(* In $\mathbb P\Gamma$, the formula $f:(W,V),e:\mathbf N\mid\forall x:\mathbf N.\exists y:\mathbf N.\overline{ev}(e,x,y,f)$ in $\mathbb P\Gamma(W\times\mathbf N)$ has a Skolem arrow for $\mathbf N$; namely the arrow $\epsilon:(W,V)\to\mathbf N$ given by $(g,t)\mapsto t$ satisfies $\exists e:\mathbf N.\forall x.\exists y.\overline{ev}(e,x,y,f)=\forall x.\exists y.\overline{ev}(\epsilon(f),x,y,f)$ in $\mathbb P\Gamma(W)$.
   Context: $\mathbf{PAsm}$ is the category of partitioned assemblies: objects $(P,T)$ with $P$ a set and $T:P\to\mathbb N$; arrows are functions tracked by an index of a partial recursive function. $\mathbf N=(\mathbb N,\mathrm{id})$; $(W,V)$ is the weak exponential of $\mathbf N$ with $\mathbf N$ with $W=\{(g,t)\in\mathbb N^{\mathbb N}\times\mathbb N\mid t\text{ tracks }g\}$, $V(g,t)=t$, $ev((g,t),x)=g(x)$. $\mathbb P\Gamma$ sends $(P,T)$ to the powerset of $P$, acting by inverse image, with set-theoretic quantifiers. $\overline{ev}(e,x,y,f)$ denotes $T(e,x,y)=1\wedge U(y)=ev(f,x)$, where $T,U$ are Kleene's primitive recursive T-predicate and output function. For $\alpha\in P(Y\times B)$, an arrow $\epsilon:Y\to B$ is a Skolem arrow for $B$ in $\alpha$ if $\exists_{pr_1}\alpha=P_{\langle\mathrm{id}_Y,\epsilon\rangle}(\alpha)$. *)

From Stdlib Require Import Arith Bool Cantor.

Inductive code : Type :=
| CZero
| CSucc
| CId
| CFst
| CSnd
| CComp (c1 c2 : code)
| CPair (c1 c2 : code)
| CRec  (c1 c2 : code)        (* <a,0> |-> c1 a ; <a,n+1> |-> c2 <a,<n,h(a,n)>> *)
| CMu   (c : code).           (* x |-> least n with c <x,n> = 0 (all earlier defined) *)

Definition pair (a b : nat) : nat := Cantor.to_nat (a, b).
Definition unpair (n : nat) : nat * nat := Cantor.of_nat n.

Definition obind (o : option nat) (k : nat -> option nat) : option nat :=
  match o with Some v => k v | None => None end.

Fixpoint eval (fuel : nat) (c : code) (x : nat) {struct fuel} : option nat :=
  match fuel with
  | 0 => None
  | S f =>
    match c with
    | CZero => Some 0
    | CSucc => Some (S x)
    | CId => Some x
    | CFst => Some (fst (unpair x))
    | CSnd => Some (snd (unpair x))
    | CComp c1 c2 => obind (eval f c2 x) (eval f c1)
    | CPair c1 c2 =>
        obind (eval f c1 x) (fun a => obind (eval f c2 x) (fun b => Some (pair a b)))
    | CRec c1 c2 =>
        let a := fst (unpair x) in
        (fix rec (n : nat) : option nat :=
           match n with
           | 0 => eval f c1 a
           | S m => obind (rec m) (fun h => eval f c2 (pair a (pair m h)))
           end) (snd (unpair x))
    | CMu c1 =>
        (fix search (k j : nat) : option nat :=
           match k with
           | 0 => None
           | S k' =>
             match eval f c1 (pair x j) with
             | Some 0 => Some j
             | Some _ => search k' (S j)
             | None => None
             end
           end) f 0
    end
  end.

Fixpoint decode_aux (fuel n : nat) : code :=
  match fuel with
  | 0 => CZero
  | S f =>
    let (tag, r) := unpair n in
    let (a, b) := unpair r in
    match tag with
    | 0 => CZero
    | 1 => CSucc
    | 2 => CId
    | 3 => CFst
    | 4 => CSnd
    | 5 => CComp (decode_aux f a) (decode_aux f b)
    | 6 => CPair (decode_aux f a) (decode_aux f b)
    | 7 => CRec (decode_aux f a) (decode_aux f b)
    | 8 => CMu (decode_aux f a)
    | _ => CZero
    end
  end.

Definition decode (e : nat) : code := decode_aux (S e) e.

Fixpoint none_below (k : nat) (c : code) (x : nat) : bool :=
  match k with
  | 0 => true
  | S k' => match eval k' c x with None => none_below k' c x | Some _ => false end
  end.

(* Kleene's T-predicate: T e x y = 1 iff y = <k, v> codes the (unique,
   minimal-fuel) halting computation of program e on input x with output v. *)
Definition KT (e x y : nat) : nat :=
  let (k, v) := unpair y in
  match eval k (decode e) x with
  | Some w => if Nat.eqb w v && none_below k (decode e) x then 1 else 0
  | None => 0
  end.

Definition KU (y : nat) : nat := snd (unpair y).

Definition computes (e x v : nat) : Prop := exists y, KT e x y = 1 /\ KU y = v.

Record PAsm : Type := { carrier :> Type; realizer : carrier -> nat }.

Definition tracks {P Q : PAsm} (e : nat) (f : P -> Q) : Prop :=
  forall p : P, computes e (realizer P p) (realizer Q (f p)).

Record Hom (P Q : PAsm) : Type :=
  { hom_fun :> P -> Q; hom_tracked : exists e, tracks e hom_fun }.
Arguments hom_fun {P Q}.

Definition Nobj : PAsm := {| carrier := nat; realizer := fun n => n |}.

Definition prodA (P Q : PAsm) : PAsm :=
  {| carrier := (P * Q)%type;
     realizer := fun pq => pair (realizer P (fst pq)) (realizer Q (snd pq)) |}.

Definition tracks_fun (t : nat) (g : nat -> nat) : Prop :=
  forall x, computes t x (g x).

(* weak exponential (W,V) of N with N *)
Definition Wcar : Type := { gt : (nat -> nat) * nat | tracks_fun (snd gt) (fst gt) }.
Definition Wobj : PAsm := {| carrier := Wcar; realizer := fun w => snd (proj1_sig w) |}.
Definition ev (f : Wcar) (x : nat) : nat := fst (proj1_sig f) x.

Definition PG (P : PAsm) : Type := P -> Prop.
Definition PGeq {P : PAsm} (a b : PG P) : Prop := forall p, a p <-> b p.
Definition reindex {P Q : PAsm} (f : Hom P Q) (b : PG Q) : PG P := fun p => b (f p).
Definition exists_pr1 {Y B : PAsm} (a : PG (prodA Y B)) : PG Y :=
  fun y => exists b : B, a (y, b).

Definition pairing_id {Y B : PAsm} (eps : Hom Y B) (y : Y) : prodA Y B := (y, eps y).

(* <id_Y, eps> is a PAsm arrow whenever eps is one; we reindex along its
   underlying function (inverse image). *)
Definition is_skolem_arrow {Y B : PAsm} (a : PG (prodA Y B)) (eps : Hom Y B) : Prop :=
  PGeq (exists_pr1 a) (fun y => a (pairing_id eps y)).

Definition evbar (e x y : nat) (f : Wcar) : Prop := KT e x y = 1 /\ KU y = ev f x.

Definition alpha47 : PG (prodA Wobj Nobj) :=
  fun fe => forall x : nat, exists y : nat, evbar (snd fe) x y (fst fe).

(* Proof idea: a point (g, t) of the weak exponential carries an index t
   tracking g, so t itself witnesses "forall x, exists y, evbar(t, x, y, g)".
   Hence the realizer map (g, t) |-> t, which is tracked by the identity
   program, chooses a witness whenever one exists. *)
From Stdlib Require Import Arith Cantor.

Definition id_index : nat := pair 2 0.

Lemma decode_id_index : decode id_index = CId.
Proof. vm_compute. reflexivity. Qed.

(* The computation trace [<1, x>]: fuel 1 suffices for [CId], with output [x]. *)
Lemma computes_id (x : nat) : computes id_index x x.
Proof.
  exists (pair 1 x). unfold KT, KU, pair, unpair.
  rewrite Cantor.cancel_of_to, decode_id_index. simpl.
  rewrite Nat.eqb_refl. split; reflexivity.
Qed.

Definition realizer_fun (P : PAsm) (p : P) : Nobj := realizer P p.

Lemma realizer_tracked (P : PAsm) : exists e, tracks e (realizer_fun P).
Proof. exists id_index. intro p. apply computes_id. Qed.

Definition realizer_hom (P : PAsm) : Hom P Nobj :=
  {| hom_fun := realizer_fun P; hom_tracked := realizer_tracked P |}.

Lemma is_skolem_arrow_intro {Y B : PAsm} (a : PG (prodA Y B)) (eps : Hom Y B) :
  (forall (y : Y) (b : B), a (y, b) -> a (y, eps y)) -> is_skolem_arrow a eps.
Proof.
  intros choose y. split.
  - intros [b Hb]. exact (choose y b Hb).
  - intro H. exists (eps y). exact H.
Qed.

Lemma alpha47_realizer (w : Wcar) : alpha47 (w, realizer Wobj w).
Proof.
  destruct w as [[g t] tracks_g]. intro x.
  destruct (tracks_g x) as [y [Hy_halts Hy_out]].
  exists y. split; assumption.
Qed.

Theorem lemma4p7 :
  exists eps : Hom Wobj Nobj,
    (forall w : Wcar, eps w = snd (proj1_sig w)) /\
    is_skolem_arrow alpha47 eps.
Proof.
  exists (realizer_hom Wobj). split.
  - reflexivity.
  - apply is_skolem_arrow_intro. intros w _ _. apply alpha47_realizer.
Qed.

* [Exercise objective]: Match on "Stdlib" and copy out every line of the entries that contains it.

* [Written response]:
From Stdlib Require Import Arith Bool Cantor.
From Stdlib Require Import Arith Cantor.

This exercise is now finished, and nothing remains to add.